Lemma bracket_sum_sym (B : nat -> series) (k n : nat) :
  bracket_sum B k n *+ 2 = \sum_(i < k.+1) \sum_(p < n.+1)
    B i p * B (k - i)%N (n - p)%N * ((n - p)%:R - p%:R) ^+ 2.
Proof.
pose F i j p q := B i p * (q%:R * (q%:R * B j q)) - p%:R * B i p * (q%:R * B j q).
have bracketE : bracket_sum B k n
    = \sum_(i < k.+1) \sum_(p < n.+1) F i (k - i)%N p (n - p)%N.
  apply: eq_bigr => i _; rewrite /smul -sumrB.
  by apply: eq_bigr => p _; rewrite /F /sdelta mulrA.
rewrite mulr2n {2}bracketE.
rewrite (sum_ord_rev k (fun i j => \sum_(p < n.+1) F i j p (n - p)%N)) /=.
under [X in _ + X]eq_bigr => i _ do rewrite (sum_ord_rev n (F (k - i)%N i)).
rewrite bracketE -big_split /=; apply: eq_bigr => i _; rewrite -big_split /=.
by apply: eq_bigr => p _; rewrite /F; ring.
Qed.

Section SignedSums.

Context {B : nat -> series} {k : nat}.
Hypothesis Bnat : forall i, (i <= k)%N -> nat_series (B i).

Lemma bracket_sum_nat : nat_series (bracket_sum B k).
Proof.
move=> n.
have Bint i p : (i <= k)%N -> B i p \is a Num.int.
  by move=> le_ik; apply/intr_nat/Bnat.
have bracket_int : bracket_sum B k n \is a Num.int.
  apply: rpred_sum => i _; rewrite rpredB //; apply: rpred_sum => p _;
    by rewrite /sdelta !rpredM ?natr_int ?Bint ?leq_subr ?leq_ord.
rewrite natrEint bracket_int -(pmulrn_lge0 _ (isT : (0 < 2)%N)) bracket_sum_sym.
apply: sumr_ge0 => i _; apply: sumr_ge0 => p _.
rewrite mulr_ge0 // -?realEsqr ?rpredB ?realn //.
by rewrite mulr_ge0 // natr_ge0 //; apply: Bnat; rewrite ?leq_subr ?leq_ord.
Qed.

Lemma pair_sum_nat : nat_series (pair_sum B k).
Proof.
move=> n; apply: rpred_sum => i _; apply: rpred_sum => j _.
by apply: sz_nat; apply: smul_nat; apply: Bnat; rewrite -ltnS.
Qed.

Lemma triple_sum_nat : nat_series (triple_sum B k).
Proof.
move=> n; apply: rpred_sum => i _; apply: rpred_sum => j _; apply: rpred_sum => l _.
by apply/sz_nat/smul_nat; [apply: smul_nat|]; apply: Bnat; rewrite -ltnS.
Qed.

Hypothesis B0 : forall i, (i <= k)%N -> B i 0%N = 0.

Lemma bracket_sum_at01 (n : nat) : (n <= 1)%N -> bracket_sum B k n = 0.
Proof.
move=> le_n1; apply: big1 => i _.
have Bi0 : B i 0%N = 0 by apply: B0; rewrite -ltnS.
case: n le_n1 => [|[|//]] _; rewrite ?smul_at0 ?smul_at1 !sdelta_at0 ?Bi0;
  by rewrite !(mul0r, mulr0, addr0, subrr).
Qed.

===

Report the number of lines in the material above holding the word "Bnat", without anything else.

Solution to the problem: 5